Supplied information Start Marker

Lemma preceq_f_trans {n} {O : formula (place n)} {z f a b c} :
  is_preorder_encoding O z ->
  preceq_f O z f a b -> preceq_f O z f b c -> preceq_f O z f a c.
Proof. by move=> [_ O_trans] [Hab Hfab] [Hbc Hfbc]; split; [exact: O_trans Hab Hbc|lia]. Qed.

Lemma sat_witness {n} {O : formula (place n)} {z f Cc G w a} :
  derives_all G (subst_formula w Cc ++ O_left w O z ++ [obj_subst_le f w]) ->
  sat_formula a G ->
  sat_formula (compose_subst a w) Cc /\ preceq_f O z f (compose_subst a w) a.
Proof.
move=> HG Ha.
have : sat_formula a (subst_formula w Cc ++ O_left w O z ++ [obj_subst_le f w]).
  by move=> D HD; exact: derives_sound (HG D HD) Ha.
rewrite !sat_formula_app sat_formula_cons sat_subst_formula sat_O_left sat_obj_subst_le.
by move=> [HCc [HO [Hf _]]].
Qed.

Lemma not_preceq_witness {n} {O : formula (place n)} {z G w a} :
  derives (G ++ O_right w O z) falsum -> sat_formula a G ->
  ~ preceq O z a (compose_subst a w).
Proof.
move=> HG Ha /sat_O_right HO.
have : sat a falsum by apply: derives_sound HG _; apply/sat_formula_app.
by rewrite /sat /=; lia.
Qed.

Section RedundanceDescent.
Variables (n : nat) (O : formula (place n)) (z : 'I_n -> var) (f : objective).
Variables (Cc Dd B : formula var) (C : constraint var) (w : subst).
Hypothesis O_preorder : is_preorder_encoding O z.
Hypothesis B_antimono : forall a b,
  obj_val b f <= obj_val a f -> sat_formula a B -> sat_formula b B.
Hypothesis weak_validity : forall rho, sat_formula rho (Cc ++ B) ->
  exists rho', preceq_f O z f rho' rho /\ sat_formula rho' (Cc ++ Dd ++ B).
Hypothesis witness_below : forall a, sat_formula a (Cc ++ Dd ++ B) -> ~ sat a C ->
  sat_formula (compose_subst a w) Cc /\ preceq_f O z f (compose_subst a w) a.
Hypothesis witness_not_above : forall a, sat_formula a (Cc ++ Dd ++ B) -> ~ sat a C ->
  ~ preceq O z a (compose_subst a w).

Lemma descend_to_redundant a : sat_formula a (Cc ++ Dd ++ B) ->
  exists r, preceq_f O z f r a /\ sat_formula r (Cc ++ (Dd ++ [C]) ++ B).
Proof.
have [O_refl O_trans] := O_preorder.
elim/(well_founded_ind (strictly_below_wf _ _ _ O_refl O_trans)): a => a IH Ha.
have [HC|HnC] : sat a C \/ ~ sat a C by rewrite /sat; lia.
  exists a; split; first by split; [exact: O_refl|lia].
  move: Ha; rewrite !sat_formula_app sat_formula_cons => -[HCc [HDd HB]].
  by do !split.
have [HwCc Hwa] := witness_below _ Ha HnC.
have HwB : sat_formula (compose_subst a w) B.
  by apply: B_antimono (proj2 Hwa) _; move: Ha => /sat_formula_app [_ /sat_formula_app []].
have [b [Hbw Hb]] := weak_validity _ (proj2 (sat_formula_app _ _ _) (conj HwCc HwB)).
have Hba := preceq_f_trans O_preorder Hbw Hwa.
have Hab : ~ preceq O z a b.
  by move=> Hab; apply: (witness_not_above _ Ha HnC); apply: O_trans Hab (proj1 Hbw).
have [r [Hrb Hr]] := IH b (conj (proj1 Hba) Hab) Hb.
by exists r; split=> //; exact: preceq_f_trans O_preorder Hrb Hba.
Qed.

End RedundanceDescent.

Theorem mainTheorem7 (F : formula var) (f : objective) (Cc Dd : formula var)
  (n : nat) (O : formula (place n)) (z : 'I_n -> var) (v : zinf)
  (C : constraint var) (w : subst) :
  is_preorder_encoding O z ->
  derives_all (Cc ++ Dd ++ obj_bound_m1 f v ++ neg_constr C :: nil)
              (subst_formula w Cc ++ O_left w O z ++ obj_subst_le f w :: nil) ->
  derives (Cc ++ Dd ++ obj_bound_m1 f v ++ neg_constr C :: nil ++ O_right w O z) falsum ->
  (weakly_valid F f Cc Dd O z v -> weakly_valid F f Cc (Dd ++ C :: nil) O z v) /\
  (valid F f Cc Dd O z v -> valid F f Cc (Dd ++ C :: nil) O z v).
Proof.
move=> O_preorder Hwitness Hdominance.
set B := obj_bound_m1 f v.
have sat_context a : sat_formula a (Cc ++ Dd ++ B) -> ~ sat a C ->
    sat_formula a ((Cc ++ Dd ++ B) ++ [neg_constr C]).
  move=> Ha HnC; apply/sat_formula_app; rewrite sat_formula_cons sat_neg_constr.
  by do !split=> //; move=> ? [].
rewrite -!app_assoc in sat_context.
have {}Hdominance : derives ((Cc ++ Dd ++ B ++ [neg_constr C]) ++ O_right w O z) falsum.
  by rewrite -!app_assoc.
have weak : weakly_valid F f Cc Dd O z v -> weakly_valid F f Cc (Dd ++ [C]) O z v.
  move=> [Hopt Hdom]; split=> // rho /Hdom [rho1 [Hrho1 Hsat1]].
  have [r [Hr Hsat]] := descend_to_redundant _ _ _ _ _ _ _ C w O_preorder
    (sat_obj_bound_m1_antimono f v) Hdom
    (fun a Ha HnC => sat_witness Hwitness (sat_context a Ha HnC))
    (fun a Ha HnC => not_preceq_witness Hdominance (sat_context a Ha HnC)) rho1 Hsat1.
  by exists r; split=> //; exact: preceq_f_trans O_preorder Hr Hrho1.
by split=> // -[/weak Hw Hrest].
Qed.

Supplied information End Marker

Task to carry out —
Out of the entries, report each line that contains the word "Lemma".

Solved exercise —
Lemma preceq_f_trans {n} {O : formula (place n)} {z f a b c} :
Lemma sat_witness {n} {O : formula (place n)} {z f Cc G w a} :
Lemma not_preceq_witness {n} {O : formula (place n)} {z G w a} :
Lemma descend_to_redundant a : sat_formula a (Cc ++ Dd ++ B) ->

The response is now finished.